### Try it
Each line below that holds the word "last" counts toward the answer; reply with the total number only.
[[ Working data open ]]
(* Let $L\subset\mathfrak{sl}_2(\mathbb{C}[\lambda])$ be a Lie subalgebra of finite codimension. Then the associative algebra $\mathcal{I}(L)$ is commutative and is isomorphic to the field $\mathbb{C}(\lambda)$ of rational functions in $\lambda$.
   Context: $\mathfrak{sl}_2(\mathbb{C}[\lambda])=\mathfrak{sl}_2(\mathbb{C})\otimes_{\mathbb{C}}\mathbb{C}[\lambda]$ with bracket $[y_1\otimes f_1,y_2\otimes f_2]=[y_1,y_2]\otimes f_1f_2$. For a Lie algebra $\mathfrak{L}$ over $\mathbb{C}$, an admissible pair is $(h,\mathfrak{h})$ with $\mathfrak{h}\subset\mathfrak{L}$ a Lie subalgebra of finite codimension and $h\colon\mathfrak{h}\to\mathfrak{L}$ linear with $h([p_1,p_2])=[h(p_1),p_2]=[p_1,h(p_2)]$ for all $p_1,p_2\in\mathfrak{h}$. Two admissible pairs $(h,\mathfrak{h}),(\tilde h,\tilde{\mathfrak{h}})$ are equivalent if $h$ and $\tilde h$ agree on some subalgebra of finite codimension contained in $\mathfrak{h}\cap\tilde{\mathfrak{h}}$. $\mathcal{I}(\mathfrak{L})$ is the set of equivalence classes, an associative algebra with $c[(h,\mathfrak{h})]=[(ch,\mathfrak{h})]$, $[(h_1,\mathfrak{h}_1)]+[(h_2,\mathfrak{h}_2)]=[(h_1+h_2,\mathfrak{h}_1\cap\mathfrak{h}_2)]$, and $[(h_1,\mathfrak{h}_1)]\cdot[(h_2,\mathfrak{h}_2)]=[(h_1\circ h_2,\hat{\mathfrak{h}})]$ with $\hat{\mathfrak{h}}=\{w\in\mathfrak{h}_1\cap\mathfrak{h}_2: h_2(w)\in\mathfrak{h}_1\}$. *)

From HB Require Import structures.
From mathcomp Require Import all_boot all_order all_algebra.
From mathcomp Require Import fraction.
From mathcomp Require Import reals.
From mathcomp.real_closed Require Import complex.
Set Implicit Arguments. Unset Strict Implicit. Unset Printing Implicit Defensive.
Import Order.TTheory GRing.Theory Num.Theory.
Local Open Scope ring_scope.

Definition Cx (R : realType) : fieldType := R[i].

(* sl_2(C[lambda]) is realised as the traceless 2x2 matrices over C[lambda];
   this is the standard identification sl_2(C) (x)_C C[lambda] = sl_2(C[lambda]),
   with bracket [y1 (x) f1, y2 (x) f2] = [y1,y2] (x) f1 f2 = commutator. *)
Definition Mat (R : realType) := 'M[{poly Cx R}]_2.

Section Defs.
Variable R : realType.
Local Notation C := (Cx R).
Local Notation M := (Mat R).

Definition lbr (x y : M) : M := x *m y - y *m x.
Definition csc (c : C) (x : M) : M := c%:P *: x.

Definition sl2 : M -> Prop := fun x => \tr x = 0.

Definition subspace (A : M -> Prop) : Prop :=
  A 0 /\ (forall x y, A x -> A y -> A (x + y)) /\
  (forall (c : C) x, A x -> A (csc c x)).

Definition lie_subalg (A B : M -> Prop) : Prop :=
  (forall x, A x -> B x) /\ subspace A /\
  (forall x y, A x -> A y -> A (lbr x y)).

Definition fin_codim (A B : M -> Prop) : Prop :=
  exists (n : nat) (v : 'I_n -> M), (forall i, B (v i)) /\
    forall x, B x -> exists c : 'I_n -> C, A (x - \sum_(i < n) csc (c i) (v i)).

Definition fc_subalg (A B : M -> Prop) : Prop := lie_subalg A B /\ fin_codim A B.

(* pairs (h, hh): hh a subset, h a map (relevant only on hh) *)
Definition pair := ((M -> M) * (M -> Prop))%type.

Definition admissible (L : M -> Prop) (p : pair) : Prop :=
  let: (h, hh) := p in
  fc_subalg hh L /\
  (forall x, hh x -> L (h x)) /\
  (forall (c : C) x y, hh x -> hh y -> h (csc c x + y) = csc c (h x) + h y) /\
  (forall x y, hh x -> hh y ->
     h (lbr x y) = lbr (h x) y /\ h (lbr x y) = lbr x (h y)).

Definition pequiv (L : M -> Prop) (p q : pair) : Prop :=
  exists kk : M -> Prop, fc_subalg kk L /\
    (forall x, kk x -> p.2 x /\ q.2 x) /\
    (forall x, kk x -> p.1 x = q.1 x).

Definition padd (p q : pair) : pair :=
  (fun x => p.1 x + q.1 x, fun x => p.2 x /\ q.2 x).
Definition pscale (c : C) (p : pair) : pair := (fun x => csc c (p.1 x), p.2).
Definition pmul (p q : pair) : pair :=
  (fun x => p.1 (q.1 x), fun x => p.2 x /\ q.2 x /\ p.2 (q.1 x)).

(* Phi induces an isomorphism of associative C-algebras
   I(L) = {admissible pairs}/pequiv  -->  K *)
Definition induces_alg_iso (L : M -> Prop) (K : fieldType)
    (emb : C -> K) (Phi : pair -> K) : Prop :=
  (* well defined and injective on equivalence classes *)
  (forall p q, admissible L p -> admissible L q -> (pequiv L p q <-> Phi p = Phi q)) /\
  (forall r : K, exists p, admissible L p /\ Phi p = r) /\
  (forall p q, admissible L p -> admissible L q -> Phi (padd p q) = Phi p + Phi q) /\
  (forall (c : C) p, admissible L p -> Phi (pscale c p) = emb c * Phi p) /\
  (forall p q, admissible L p -> admissible L q -> Phi (pmul p q) = Phi p * Phi q).

Definition cemb (c : C) : {fraction {poly C}} := FracField.tofrac (c%:P).

End Defs.

From HB Require Import structures.
From mathcomp Require Import all_boot all_order all_algebra.
From mathcomp Require Import fraction generic_quotient reals.
From mathcomp.real_closed Require Import complex.
From Stdlib Require Import ClassicalEpsilon.
Set Implicit Arguments. Unset Strict Implicit. Unset Printing Implicit Defensive.
Import Order.TTheory GRing.Theory Num.Theory.
Local Open Scope ring_scope.

(* Embed sl_2(C[lambda]) entrywise into the traceless 2x2 matrices over
   C(lambda).  A subspace of finite codimension contains a nonzero multiple
   a E_ij of each off-diagonal matrix unit: lambda^N E_ij cannot be corrected
   by a finite-dimensional complement once N exceeds its degrees.  For an
   admissible (h, hh) and e = a E_01 in hh, [h e, e] = h [e, e] = [e, h e]
   forces h e to commute with e, so the traceless h e is a C(lambda)-multiple
   F e; comparing [h e, f] = [e, h f] for f = b E_10 shows that the same F
   works for f.  For any x in hh, h x - F x is then traceless and commutes
   with E_01 and E_10, hence vanishes.  Thus every admissible pair acts as
   multiplication by a rational function F, which yields an injective algebra
   map from I(L) to C(lambda); it is onto because n / d is realised by
   x |-> n (x / d) on the elements of L whose entries are divisible by d. *)

Section MatrixBracket.
Variables (K : comNzRingType) (n : nat).
Implicit Types (A B : 'M[K]_n) (i j k l : 'I_n).

Definition mxbr A B := A *m B - B *m A.

Lemma mxbrC A B : mxbr A B = - mxbr B A.
Proof. by rewrite /mxbr opprB. Qed.

Lemma mxbrZl c A B : mxbr (c *: A) B = c *: mxbr A B.
Proof. by rewrite /mxbr scalerBr -scalemxAl -scalemxAr. Qed.

Lemma mxbrZr c A B : mxbr A (c *: B) = c *: mxbr A B.
Proof. by rewrite /mxbr scalerBr -scalemxAl -scalemxAr. Qed.

Lemma mxbrBl A B A' : mxbr (A - A') B = mxbr A B - mxbr A' B.
Proof.
rewrite /mxbr mulmxBl mulmxBr !opprB -!addrA; congr (_ + _).
by rewrite addrCA [RHS]addrCA; congr (_ + _); exact: addrC.
Qed.

Lemma mulmx_deltaE A i j k l : (A *m delta_mx i j) k l = A k i * (l == j)%:R.
Proof.
rewrite mxE (bigD1 i) //= big1 => [|m /negbTE mi]; rewrite mxE ?mi ?mulr0 //.
by rewrite eqxx addr0.
Qed.

Lemma mul_delta_mxE A i j k l : (delta_mx i j *m A) k l = (k == i)%:R * A j l.
Proof.
rewrite mxE (bigD1 j) //= big1 => [|m /negbTE mj]; rewrite mxE ?mj ?andbF ?mul0r //.
by rewrite eqxx andbT addr0.
Qed.

Lemma mxbr_deltaE A i j k l :
  mxbr A (delta_mx i j) k l = A k i * (l == j)%:R - (k == i)%:R * A j l.
Proof. by rewrite -mulmx_deltaE -mul_delta_mxE !mxE. Qed.

End MatrixBracket.

Lemma ord2P (i : 'I_2) : i = 0 \/ i = 1.
Proof. by case: i => [[|[|//]] ?]; [left|right]; apply: val_inj. Qed.

Lemma ord2_pair (i j k : 'I_2) : i != j -> k = i \/ k = j.
Proof.
move=> ij; have [->|->] := ord2P k; have [ei|ei] := ord2P i; have [ej|ej] := ord2P j;
  subst; by [left|right|rewrite eqxx in ij].
Qed.

Lemma mxtrace2 (K : comNzRingType) (A : 'M[K]_2) i j : i != j -> \tr A = A i i + A j j.
Proof.
move=> ij; rewrite /mxtrace (bigD1 i) //= (bigD1 j) 1?eq_sym //= big1 ?addr0 //.
move=> k /andP[ki kj]; have [] := ord2_pair k ij; move/eqP.
  by rewrite (negbTE ki).
by rewrite (negbTE kj).
Qed.

Section TracelessCentralizer.
Variable K : fieldType.
Hypothesis two_neq0 : 2%:R != 0 :> K.
Implicit Types A X : 'M[K]_2.

Lemma mxbr_symm_eq0 A B : mxbr A B = mxbr B A -> mxbr A B = 0.
Proof.
rewrite [mxbr B A]mxbrC => /eqP; rewrite -subr_eq0 opprK -mulr2n -scaler_nat.
by rewrite scaler_eq0 (negbTE two_neq0) => /eqP.
Qed.

Lemma traceless_centralizer_delta i j X : i != j -> \tr X = 0 ->
  mxbr X (delta_mx i j) = 0 -> X = X i j *: delta_mx i j.
Proof.
move=> ij trX /matrixP XE.
have := XE j j; have := XE i j; rewrite !mxbr_deltaE !mxE !eqxx eq_sym (negbTE ij).
rewrite !mulr1 mul1r mul0r subr0 => /eqP; rewrite subr_eq0 => /eqP Xii Xji.
have /eqP : X j j *+ 2 = 0 by rewrite mulr2n -{1}Xii -(mxtrace2 _ ij).
rewrite -mulr_natr mulf_eq0 (negbTE two_neq0) orbF => /eqP Xjj.
apply/matrixP => k l; rewrite !mxE.
have [->|->] := ord2_pair k ij; have [->|->] := ord2_pair l ij;
  by rewrite ?eqxx ?(negbTE ij) 1?eq_sym ?(negbTE ij) /= ?mulr1 ?mulr0 ?Xii.
Qed.

Lemma mxbr_delta_neq0 i j : i != j -> mxbr (delta_mx i j) (delta_mx j i) != 0 :> 'M[K]_2.
Proof.
move=> ij; apply/eqP => /matrixP/(_ i i); rewrite mxbr_deltaE !mxE !eqxx (negbTE ij).
by move/eqP; rewrite mulr1 mul0r subr0 oner_eq0.
Qed.

Lemma traceless_bicentralizer_eq0 i j X : i != j -> \tr X = 0 ->
  mxbr X (delta_mx i j) = 0 -> mxbr X (delta_mx j i) = 0 -> X = 0.
Proof.
move=> ij trX Xij; rewrite (traceless_centralizer_delta ij trX Xij) mxbrZl => /eqP.
by rewrite scaler_eq0 (negbTE (mxbr_delta_neq0 ij)) orbF => /eqP ->; rewrite scale0r.
Qed.

End TracelessCentralizer.

Section FiniteCodimension.
Variable R : realType.
Local Notation C := (Cx R).
Local Notation M := (Mat R).
Implicit Types (A B D : M -> Prop) (g : M -> M).

Lemma csc1 (x : M) : csc 1 x = x.
Proof. by rewrite /csc polyC1 scale1r. Qed.

Lemma csc0 (x : M) : csc 0 x = 0.
Proof. by rewrite /csc polyC0 scale0r. Qed.

Lemma cscA (c d : C) (x : M) : csc c (csc d x) = csc (c * d) x.
Proof. by rewrite /csc scalerA polyCM. Qed.

Lemma cscDl (c d : C) (x : M) : csc (c + d) x = csc c x + csc d x.
Proof. by rewrite /csc polyCD scalerDl. Qed.

Lemma cscDr (c : C) (x y : M) : csc c (x + y) = csc c x + csc c y.
Proof. by rewrite /csc scalerDr. Qed.

Lemma cscN (c : C) (x : M) : csc (- c) x = - csc c x.
Proof. by rewrite /csc polyCN scaleNr. Qed.

Definition clinear_on D g :=
  forall (c : C) x y, D x -> D y -> g (csc c x + y) = csc c (g x) + g y.

Definition fin_span_mod A B := exists n (v : 'I_n -> M),
  forall x, B x -> exists c : 'I_n -> C, A (x - \sum_(i < n) csc (c i) (v i)).

Lemma fin_codim_span_mod A B : fin_codim A B -> fin_span_mod A B.
Proof. by case=> n [v [_ Hv]]; exists n, v. Qed.

Lemma fin_codimS A A' B :
  (forall x, A x -> A' x) -> fin_codim A B -> fin_codim A' B.
Proof.
move=> AA' [n [v [vB Hv]]]; exists n, v; split => // x /Hv [c Ac].
by exists c; exact: AA'.
Qed.

Lemma fin_codim_trans A D B :
  fin_codim A D -> fin_codim D B -> (forall x, D x -> B x) -> fin_codim A B.
Proof.
move=> [n [v [vD Hv]]] [m [u [uB Hu]]] DB.
pose w k := match split k with inl i => u i | inr j => v j end.
exists (m + n), w; split=> [k|x /Hu [d /Hv [c Ac]]]; rewrite /w.
  by case: (split k) => [i|j]; [exact: uB | exact: DB (vD j)].
exists (fun k => match split k with inl i => d i | inr j => c j end).
have Sl i : split (lshift n i) = inl i := unsplitK (inl i).
have Sr j : split (rshift m j) = inr j := unsplitK (inr j).
rewrite big_split_ord /= (eq_bigr (fun i => csc (d i) (u i))) => [|i _]; last by rewrite Sl.
rewrite (eq_bigr (fun j => csc (c j) (v j))) => [|j _]; last by rewrite Sr.
by rewrite opprD addrA.
Qed.

Section LinearOn.
Variables (D : M -> Prop) (g : M -> M).
Hypotheses (sD : subspace D) (gl : clinear_on D g).

Lemma clinear_on0 : g 0 = 0.
Proof.
have [D0 _] := sD; have := gl 1 D0 D0; rewrite !csc1 addr0 => /esym/eqP.
by rewrite -subr_eq0 addrK => /eqP.
Qed.

Lemma clinear_onD x y : D x -> D y -> g (x + y) = g x + g y.
Proof. by move=> Dx Dy; have := gl 1 Dx Dy; rewrite !csc1. Qed.

Lemma clinear_onZ (c : C) x : D x -> g (csc c x) = csc c (g x).
Proof.
by have [D0 _] := sD; move=> Dx; have := gl c Dx D0; rewrite !addr0 clinear_on0 addr0.
Qed.

Lemma subspace_preim A : subspace A -> subspace (fun x => D x /\ A (g x)).
Proof.
have [D0 [DD DZ]] := sD; move=> [A0 [AD AZ]].
split; first by rewrite clinear_on0.
split=> [x y [Dx Ax] [Dy Ay]|c x [Dx Ax]].
  by split; [exact: DD | rewrite clinear_onD //; exact: AD].
by split; [exact: DZ | rewrite clinear_onZ //; exact: AZ].
Qed.

End LinearOn.

Lemma subspace_add_line A (w : M) :
  subspace A -> subspace (fun y => exists a c, A a /\ y = a + csc c w).
Proof.
move=> [A0 [AD AZ]]; split; first by exists 0, 0; rewrite csc0 addr0.
split=> [x y [a [c [Aa ->]]] [a' [c' [Aa' ->]]]|k x [a [c [Aa ->]]]].
  by exists (a + a'), (c + c'); rewrite cscDl addrACA; split=> //; exact: AD.
by exists (csc k a), (k * c); rewrite cscDr cscA; split=> //; exact: AZ.
Qed.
[[ Working data closed ]]
### Written answer
2